Her friend Bebb became the named party for, Bebb v. The Law Society represented by Stanley Buckmaster KC and R. A. Wright. The test case was heard in the Chancery Division in July 1913 by a hostile judge Mr Justice Joyce. The Solicitors Act 1843 included the sentence, 'every Word importing the Masculine Gender only shall extend and be applied to a Female as well as a Male'. The judge ruled that women had no precedent and therefore he could not authorise the first.

The decision was upheld in the Court of Appeal in December 1913, heard by the Master of the Rolls Lord Cozens-Hardy, Lord Justice Swinfen Eady and Lord Justice Phillimore (included in the law reports in 1914).

The press was mostly in favour, and the case helped the campaign for women's admission to the legal profession in Britain. The passage of the Sex Disqualification (Removal) Act 1919 allowed women to be lawyers. Bebb was expected to be the first British woman lawyer but she died giving birth to her second child. Nettlefold abandoned a career in law after World War I and became a director of Nettlefold & Sons; in 1924, she and her brother became joint managing directors and served until 1945. Of the four who had contested the legal case only Maud Crofts succeeded in becoming a lawyer. Nettlefold left law, Costelloe became a psychoanalyst, Bedd died, but Crofts became the first woman lawyer and a partner in the law firm of Crofts, Ingram and Wyatt & Co.

==Public life==
In 1939, when war broke out, two women were appointed to lead the reformed Women's Royal Naval Service (WRNS). There was no staff and initially only volunteer helpers but 1,500 new members were to be recruited. The interview panel was the WRNS director Vera Laughton Mathews, her deputy Ethel Goodenough, Myra Curtis, and Nettlefold who was chosen because she had been at university with Mathews.

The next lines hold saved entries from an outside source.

Lemma reduced_dominating : dominating t reduced_set.
Proof.
have pre := spanning_preim span; have edge := @spanning_edge _ _ _ _ _ _ span.
move=> x; rewrite !inE; case Ex: (f x) => [w|w i|u w].
- move=> Mw; have [y /andP[wy nyw]] := unsaturated_free_edge Mw.
  have [u Eu] : exists u, f u = S2Dart w y by apply: pre.
  exists u.
    by rewrite !inE Eu nyw; apply: contra Mw => /vQ_edge vw; rewrite /saturated vw.
  by apply: edge; rewrite Ex Eu /=; split=> //; have := spanning_vert span x; rewrite Ex.
- move=> _; have [lw wi] : is_leaf eF w /\ 1 <= i <= alpha w.
    by have := spanning_vert span x; rewrite Ex.
  have [y wy] : exists y, eF w y by apply: deg_gt0_neighbor; rewrite lw.
  have [u Eu] : exists u, f u = S2Dart w y by apply: pre.
  exists u; first by rewrite !inE Eu; apply: leaf_edge_free.
  by apply: edge; rewrite Ex Eu.
- rewrite negb_and !negbK => /orP[wu|quw].
    have [u' Eu'] : exists u', f u' = S2Dart w u by apply: pre; apply: arc_edge.
    exists u'; first by rewrite !inE Eu' (a_anti wu) (arc_notQ wu).
    by apply: edge; rewrite Ex Eu' /=; split; [apply: dart_edge Ex|].
  have Mu : saturated u by rewrite /saturated (vQ_edge quw).
  have [u' Eu'] : exists u', f u' = S2Orig u by apply: pre; apply: saturated_not_leaf.
  exists u'; first by rewrite !inE Eu'.
  rewrite tsym; apply: edge; rewrite Ex Eu' /=.
  by split; [apply: saturated_not_leaf | split; [apply: dart_edge Ex|]].
Qed.

Lemma reduced_pairing : dp_pairing t reduced_set reduced_partner.
Proof.
split; [exact: reduced_dominating_compl | exact: reduced_dominating |].
move=> x xP; have xm := reduced_partner_match xP; have mP := reduced_match_mem xP xm.
split=> //; first exact: reduced_match_edge.
exact: reduced_match_uniq (reduced_partner_match mP) (reduced_match_sym xm).
Qed.

Definition out_dart v u :=
  match f v, f u with S2Orig w, S2Dart y w' => (w' == w) && a w y | _, _ => false end.

(* Each saturated vertex w entering the set is charged to the dart y_e of its out-arc
   e = w -> y, which leaves the set; the darts of the edges of Q leave it uncharged. *)
Lemma reduced_card_lt x0 y0 : q x0 y0 -> #|reduced_set| < #|darts f|.
Proof.
move=> q0; have [finj _ _] := span; have pre := spanning_preim span.
pose N := reduced_set :\: darts f; pose L := darts f :\: reduced_set.
suff NL : #|N| < #|L|.
  have := cardsID (darts f) reduced_set; have := cardsID reduced_set (darts f).
  by rewrite setIC -/N -/L; lia.
have Nspec v : v \in N -> exists2 w, f v = S2Orig w & saturated w.
  by rewrite !inE; case: (f v) => [w|w i|x y] //= Mw; exists w.
pose h v := odflt v [pick u | out_dart v u].
have hN v : v \in N -> out_dart v (h v).
  move=> /Nspec[w Ev Mw]; rewrite /h; case: pickP => [//|none].
  have [y wy] := saturated_out_arc Mw.
  have [u Eu] : exists u, f u = S2Dart y w by apply: pre; rewrite /= esym; apply: arc_edge.
  by have := none u; rewrite /out_dart Ev Eu eqxx wy.
have h_inj : {in N &, injective h}.
  move=> v1 v2 /[dup] v1N /Nspec[w1 E1 _] /[dup] v2N /Nspec[w2 E2 _] E.
  have := hN v1 v1N; have := hN v2 v2N; rewrite -E /out_dart E1 E2.
  case: (f (h v1)) => [||y w'] //= /andP[/eqP e2 _] /andP[/eqP e1 _].
  by apply: finj; rewrite E1 E2 -e1 -e2.
have hL v : v \in N -> h v \in L.
  move=> /[dup] vN /Nspec[w Ev _]; have := hN v vN; rewrite /out_dart Ev !inE.
  by case: (f (h v)) => [||y w'] //= /andP[/eqP -> ->].
have [u0 Eu0] : exists u, f u = S2Dart x0 y0 by apply: pre; apply: q_sub.
rewrite -(card_in_imset h_inj); apply: proper_card; apply/properP; split.
  by apply/subsetP=> _ /imsetP[v vN ->]; apply: hL.
exists u0; first by rewrite !inE Eu0 q0 andbF.
apply/imsetP=> -[v /[dup] vN /Nspec[w Ev _] E]; have := hN v vN.
rewrite -E /out_dart Eu0 Ev => /andP[/eqP ? /arc_notQ]; subst w.
by rewrite qsym q0.
Qed.

End Reduction.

In 1944, Nettlefold joined the Royal Commission on equal pay. She and two others had to present a minority report as the commission would not support their position of equal pay for women as a recommendation.

She joined London County Council in 1949 for the Conservative Party and she became an OBE in 1946. She was on the LCC until 1960. In 1953 she joined Marylebone borough council. Her sister Joyce Newton-Thompson became first woman mayor of Cape Town.

Nettlefold retired in 1960 and died in Cape Town in 1966.